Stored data
<<<<

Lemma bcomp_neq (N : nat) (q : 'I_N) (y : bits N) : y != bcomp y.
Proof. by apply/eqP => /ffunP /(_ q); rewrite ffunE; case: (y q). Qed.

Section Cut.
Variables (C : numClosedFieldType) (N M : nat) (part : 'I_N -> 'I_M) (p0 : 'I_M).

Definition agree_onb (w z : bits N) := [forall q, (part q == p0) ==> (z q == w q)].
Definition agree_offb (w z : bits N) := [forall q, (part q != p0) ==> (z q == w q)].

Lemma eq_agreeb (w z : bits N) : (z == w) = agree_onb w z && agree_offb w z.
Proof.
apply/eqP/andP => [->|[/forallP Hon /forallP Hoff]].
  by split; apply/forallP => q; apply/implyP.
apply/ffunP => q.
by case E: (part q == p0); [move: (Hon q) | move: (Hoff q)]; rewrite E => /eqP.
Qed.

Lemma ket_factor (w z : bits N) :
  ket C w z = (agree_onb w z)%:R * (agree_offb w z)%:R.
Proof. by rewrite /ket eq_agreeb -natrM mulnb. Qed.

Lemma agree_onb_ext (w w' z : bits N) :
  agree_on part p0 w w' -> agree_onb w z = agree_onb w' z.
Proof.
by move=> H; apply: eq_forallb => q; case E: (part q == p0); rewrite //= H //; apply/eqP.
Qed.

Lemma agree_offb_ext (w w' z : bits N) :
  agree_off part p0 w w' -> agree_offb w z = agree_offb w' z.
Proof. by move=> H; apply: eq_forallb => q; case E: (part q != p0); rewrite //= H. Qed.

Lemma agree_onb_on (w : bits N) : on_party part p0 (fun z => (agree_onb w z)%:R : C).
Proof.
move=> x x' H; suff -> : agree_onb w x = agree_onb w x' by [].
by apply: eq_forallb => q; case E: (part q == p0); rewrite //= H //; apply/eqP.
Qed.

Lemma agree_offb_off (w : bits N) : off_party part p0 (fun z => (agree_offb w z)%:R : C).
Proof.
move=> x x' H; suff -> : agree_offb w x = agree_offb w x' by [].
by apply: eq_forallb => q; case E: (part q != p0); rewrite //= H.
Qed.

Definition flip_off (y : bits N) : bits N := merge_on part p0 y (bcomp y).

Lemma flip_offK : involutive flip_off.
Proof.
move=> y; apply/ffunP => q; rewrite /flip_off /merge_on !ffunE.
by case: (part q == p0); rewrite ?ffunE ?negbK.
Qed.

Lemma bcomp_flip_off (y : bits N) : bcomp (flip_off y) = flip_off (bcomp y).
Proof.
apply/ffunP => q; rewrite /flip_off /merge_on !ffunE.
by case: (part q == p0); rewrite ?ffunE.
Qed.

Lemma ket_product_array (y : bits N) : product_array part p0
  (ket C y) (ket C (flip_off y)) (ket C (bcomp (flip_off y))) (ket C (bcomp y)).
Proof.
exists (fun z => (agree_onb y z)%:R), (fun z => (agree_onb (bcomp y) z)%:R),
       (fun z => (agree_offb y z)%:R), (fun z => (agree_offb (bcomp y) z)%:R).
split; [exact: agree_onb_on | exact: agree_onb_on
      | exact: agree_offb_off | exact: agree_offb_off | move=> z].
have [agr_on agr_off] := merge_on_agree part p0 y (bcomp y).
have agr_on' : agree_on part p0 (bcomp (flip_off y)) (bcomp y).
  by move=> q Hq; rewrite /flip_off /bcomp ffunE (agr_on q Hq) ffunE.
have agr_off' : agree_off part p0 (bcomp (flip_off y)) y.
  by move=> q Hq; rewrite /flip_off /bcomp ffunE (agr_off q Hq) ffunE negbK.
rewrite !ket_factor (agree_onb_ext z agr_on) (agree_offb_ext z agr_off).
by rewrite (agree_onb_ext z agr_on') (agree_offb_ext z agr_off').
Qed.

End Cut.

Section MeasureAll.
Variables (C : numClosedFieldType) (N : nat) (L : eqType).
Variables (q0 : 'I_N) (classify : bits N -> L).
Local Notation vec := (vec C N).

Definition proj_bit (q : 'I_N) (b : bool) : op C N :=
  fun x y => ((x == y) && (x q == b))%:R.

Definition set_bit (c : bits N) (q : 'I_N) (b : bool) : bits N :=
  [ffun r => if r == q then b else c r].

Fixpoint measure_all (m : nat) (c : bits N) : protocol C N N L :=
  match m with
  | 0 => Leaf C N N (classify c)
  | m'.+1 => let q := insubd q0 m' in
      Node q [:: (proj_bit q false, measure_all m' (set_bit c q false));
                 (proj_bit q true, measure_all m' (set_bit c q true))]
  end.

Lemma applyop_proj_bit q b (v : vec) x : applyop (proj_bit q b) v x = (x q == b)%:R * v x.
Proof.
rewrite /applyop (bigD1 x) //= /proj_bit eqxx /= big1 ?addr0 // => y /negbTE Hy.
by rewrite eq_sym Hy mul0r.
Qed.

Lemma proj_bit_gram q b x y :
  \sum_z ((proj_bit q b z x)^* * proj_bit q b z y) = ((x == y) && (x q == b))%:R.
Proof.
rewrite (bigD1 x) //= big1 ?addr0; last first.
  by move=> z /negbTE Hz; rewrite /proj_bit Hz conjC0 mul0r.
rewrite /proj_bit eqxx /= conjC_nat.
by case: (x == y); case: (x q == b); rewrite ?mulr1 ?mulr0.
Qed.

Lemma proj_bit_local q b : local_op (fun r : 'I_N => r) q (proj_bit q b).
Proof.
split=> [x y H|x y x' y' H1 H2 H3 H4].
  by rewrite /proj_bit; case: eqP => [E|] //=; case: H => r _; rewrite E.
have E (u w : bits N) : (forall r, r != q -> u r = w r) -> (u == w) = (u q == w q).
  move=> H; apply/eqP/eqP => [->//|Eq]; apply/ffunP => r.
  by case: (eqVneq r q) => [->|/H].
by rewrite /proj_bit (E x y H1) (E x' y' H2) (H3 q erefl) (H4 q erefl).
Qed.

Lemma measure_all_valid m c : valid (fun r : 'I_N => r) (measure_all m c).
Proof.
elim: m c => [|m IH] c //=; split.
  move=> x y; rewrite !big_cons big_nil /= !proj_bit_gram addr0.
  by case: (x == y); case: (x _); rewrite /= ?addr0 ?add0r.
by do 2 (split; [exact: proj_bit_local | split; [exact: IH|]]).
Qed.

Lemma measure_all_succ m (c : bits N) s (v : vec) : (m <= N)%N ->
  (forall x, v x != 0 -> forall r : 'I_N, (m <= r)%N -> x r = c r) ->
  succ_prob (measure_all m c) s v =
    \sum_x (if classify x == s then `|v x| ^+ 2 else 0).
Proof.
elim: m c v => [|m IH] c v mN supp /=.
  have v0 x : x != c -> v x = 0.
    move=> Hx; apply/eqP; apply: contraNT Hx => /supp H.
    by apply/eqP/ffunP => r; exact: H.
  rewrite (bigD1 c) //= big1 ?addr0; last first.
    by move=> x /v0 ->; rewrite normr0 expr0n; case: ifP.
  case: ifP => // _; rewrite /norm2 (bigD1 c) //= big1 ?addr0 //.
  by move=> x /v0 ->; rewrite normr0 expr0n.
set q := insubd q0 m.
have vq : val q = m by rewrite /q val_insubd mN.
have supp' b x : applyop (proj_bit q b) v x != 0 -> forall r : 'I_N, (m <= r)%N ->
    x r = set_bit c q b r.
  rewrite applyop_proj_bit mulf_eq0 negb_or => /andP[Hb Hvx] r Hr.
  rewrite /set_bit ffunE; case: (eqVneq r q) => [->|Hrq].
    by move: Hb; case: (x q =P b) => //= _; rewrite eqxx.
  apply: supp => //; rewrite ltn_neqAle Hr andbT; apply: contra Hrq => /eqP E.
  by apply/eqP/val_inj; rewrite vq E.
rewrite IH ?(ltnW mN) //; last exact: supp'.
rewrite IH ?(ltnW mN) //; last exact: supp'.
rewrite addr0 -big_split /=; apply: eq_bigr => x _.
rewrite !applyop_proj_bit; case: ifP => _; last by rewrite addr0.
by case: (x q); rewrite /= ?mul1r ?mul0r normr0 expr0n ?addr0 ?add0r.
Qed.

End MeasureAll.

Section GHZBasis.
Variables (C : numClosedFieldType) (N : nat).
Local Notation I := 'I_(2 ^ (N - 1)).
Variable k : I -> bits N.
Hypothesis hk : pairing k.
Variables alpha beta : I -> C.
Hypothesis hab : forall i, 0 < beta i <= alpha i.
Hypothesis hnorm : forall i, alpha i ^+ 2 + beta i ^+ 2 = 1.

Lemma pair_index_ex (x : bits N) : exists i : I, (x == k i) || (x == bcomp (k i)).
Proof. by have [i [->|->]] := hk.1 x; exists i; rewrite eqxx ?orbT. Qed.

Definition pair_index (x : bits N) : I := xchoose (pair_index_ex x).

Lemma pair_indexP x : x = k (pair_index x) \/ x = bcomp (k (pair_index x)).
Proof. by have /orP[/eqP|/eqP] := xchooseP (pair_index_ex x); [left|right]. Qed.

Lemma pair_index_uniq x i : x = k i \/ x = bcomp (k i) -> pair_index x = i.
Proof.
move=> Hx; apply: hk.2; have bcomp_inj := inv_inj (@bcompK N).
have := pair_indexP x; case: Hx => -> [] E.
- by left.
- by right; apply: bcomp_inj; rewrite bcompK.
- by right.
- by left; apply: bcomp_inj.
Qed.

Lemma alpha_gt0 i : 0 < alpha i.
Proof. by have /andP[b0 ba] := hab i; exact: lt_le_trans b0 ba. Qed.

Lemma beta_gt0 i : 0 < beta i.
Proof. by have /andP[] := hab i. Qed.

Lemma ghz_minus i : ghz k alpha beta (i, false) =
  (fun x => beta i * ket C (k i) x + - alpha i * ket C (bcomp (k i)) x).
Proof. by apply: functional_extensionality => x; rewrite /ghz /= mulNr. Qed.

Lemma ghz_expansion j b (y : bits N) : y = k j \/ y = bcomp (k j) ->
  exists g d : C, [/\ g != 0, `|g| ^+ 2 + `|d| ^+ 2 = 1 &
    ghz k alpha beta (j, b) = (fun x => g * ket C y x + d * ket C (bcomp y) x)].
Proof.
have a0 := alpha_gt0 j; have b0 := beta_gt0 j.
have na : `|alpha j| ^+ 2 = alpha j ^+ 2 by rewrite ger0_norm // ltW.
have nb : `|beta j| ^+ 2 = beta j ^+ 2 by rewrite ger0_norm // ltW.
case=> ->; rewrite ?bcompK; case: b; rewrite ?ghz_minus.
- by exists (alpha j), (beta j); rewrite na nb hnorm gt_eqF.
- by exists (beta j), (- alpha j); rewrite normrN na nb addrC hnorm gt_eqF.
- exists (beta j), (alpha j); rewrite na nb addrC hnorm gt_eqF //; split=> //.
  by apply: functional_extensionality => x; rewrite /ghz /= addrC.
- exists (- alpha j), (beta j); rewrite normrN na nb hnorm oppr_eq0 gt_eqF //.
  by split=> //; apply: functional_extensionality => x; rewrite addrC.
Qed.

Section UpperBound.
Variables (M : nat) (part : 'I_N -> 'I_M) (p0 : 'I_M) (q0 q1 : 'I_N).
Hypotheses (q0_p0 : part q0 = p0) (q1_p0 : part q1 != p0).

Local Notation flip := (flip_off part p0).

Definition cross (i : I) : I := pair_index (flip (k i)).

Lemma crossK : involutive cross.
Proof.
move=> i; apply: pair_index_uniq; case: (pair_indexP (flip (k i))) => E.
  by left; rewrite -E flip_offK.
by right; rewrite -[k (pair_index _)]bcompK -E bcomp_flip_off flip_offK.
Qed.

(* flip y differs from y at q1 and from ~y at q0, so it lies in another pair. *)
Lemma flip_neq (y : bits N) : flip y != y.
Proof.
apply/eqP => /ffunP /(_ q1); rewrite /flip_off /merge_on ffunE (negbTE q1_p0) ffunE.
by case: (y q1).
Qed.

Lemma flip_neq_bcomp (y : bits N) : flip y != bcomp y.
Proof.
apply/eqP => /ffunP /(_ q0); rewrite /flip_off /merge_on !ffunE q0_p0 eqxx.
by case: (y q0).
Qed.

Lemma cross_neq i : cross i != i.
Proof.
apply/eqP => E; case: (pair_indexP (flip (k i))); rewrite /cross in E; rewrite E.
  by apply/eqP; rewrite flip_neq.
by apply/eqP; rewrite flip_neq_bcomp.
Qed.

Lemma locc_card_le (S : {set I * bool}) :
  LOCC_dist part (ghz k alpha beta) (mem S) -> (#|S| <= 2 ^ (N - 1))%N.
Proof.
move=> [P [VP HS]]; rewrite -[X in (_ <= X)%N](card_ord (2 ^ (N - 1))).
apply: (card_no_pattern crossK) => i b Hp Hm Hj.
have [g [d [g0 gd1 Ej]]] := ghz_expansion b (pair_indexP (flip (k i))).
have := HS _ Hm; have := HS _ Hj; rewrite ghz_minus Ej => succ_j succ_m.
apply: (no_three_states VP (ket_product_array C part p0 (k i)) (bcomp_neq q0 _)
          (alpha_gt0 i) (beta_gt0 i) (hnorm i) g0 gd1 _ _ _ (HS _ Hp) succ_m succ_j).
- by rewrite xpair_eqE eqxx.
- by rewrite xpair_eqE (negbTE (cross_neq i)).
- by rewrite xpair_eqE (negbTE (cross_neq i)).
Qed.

>>>>
<<<<

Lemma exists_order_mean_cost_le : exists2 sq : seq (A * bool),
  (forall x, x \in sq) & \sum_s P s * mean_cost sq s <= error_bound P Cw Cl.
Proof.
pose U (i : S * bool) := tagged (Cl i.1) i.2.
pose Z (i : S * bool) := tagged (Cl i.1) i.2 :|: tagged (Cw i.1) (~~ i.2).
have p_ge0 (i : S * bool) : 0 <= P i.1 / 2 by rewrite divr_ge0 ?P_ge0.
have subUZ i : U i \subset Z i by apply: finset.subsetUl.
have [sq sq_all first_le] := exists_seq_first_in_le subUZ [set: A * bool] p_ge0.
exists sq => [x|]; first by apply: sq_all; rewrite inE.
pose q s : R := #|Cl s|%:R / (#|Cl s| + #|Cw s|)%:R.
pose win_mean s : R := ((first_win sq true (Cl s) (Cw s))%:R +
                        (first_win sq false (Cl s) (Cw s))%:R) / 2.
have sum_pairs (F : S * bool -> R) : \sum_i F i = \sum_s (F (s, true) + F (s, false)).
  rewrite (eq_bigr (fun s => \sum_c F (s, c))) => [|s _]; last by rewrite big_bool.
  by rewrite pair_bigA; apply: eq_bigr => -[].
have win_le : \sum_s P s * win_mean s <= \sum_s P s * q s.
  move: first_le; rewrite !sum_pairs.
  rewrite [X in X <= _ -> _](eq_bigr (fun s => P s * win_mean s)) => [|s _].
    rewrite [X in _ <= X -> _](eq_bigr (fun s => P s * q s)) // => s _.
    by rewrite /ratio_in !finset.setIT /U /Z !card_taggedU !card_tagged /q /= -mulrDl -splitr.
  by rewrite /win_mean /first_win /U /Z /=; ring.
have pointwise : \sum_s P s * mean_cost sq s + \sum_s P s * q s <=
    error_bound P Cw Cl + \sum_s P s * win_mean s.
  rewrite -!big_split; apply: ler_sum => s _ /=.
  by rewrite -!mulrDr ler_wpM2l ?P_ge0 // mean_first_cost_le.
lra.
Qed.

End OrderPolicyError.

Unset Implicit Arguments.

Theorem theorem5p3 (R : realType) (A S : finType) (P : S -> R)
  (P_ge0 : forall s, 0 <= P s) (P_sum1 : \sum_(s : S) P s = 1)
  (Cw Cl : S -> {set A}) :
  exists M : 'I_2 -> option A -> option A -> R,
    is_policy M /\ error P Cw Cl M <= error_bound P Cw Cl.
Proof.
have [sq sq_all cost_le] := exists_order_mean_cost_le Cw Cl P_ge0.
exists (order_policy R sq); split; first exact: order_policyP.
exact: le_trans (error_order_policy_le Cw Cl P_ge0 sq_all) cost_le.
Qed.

>>>>

▶ **Aim of the exercise**
Please copy, exactly and with nothing else, the lines above beginning at the line that has "move=> Hx; apply: hk.2;" and ending with the line that has "(fun x => beta".

▶ **Result of the exercise**
move=> Hx; apply: hk.2; have bcomp_inj := inv_inj (@bcompK N).
have := pair_indexP x; case: Hx => -> [] E.
- by left.
- by right; apply: bcomp_inj; rewrite bcompK.
- by right.
- by left; apply: bcomp_inj.
Qed.

Lemma alpha_gt0 i : 0 < alpha i.
Proof. by have /andP[b0 ba] := hab i; exact: lt_le_trans b0 ba. Qed.

Lemma beta_gt0 i : 0 < beta i.
Proof. by have /andP[] := hab i. Qed.

Lemma ghz_minus i : ghz k alpha beta (i, false) =
  (fun x => beta i * ket C (k i) x + - alpha i * ket C (bcomp (k i)) x).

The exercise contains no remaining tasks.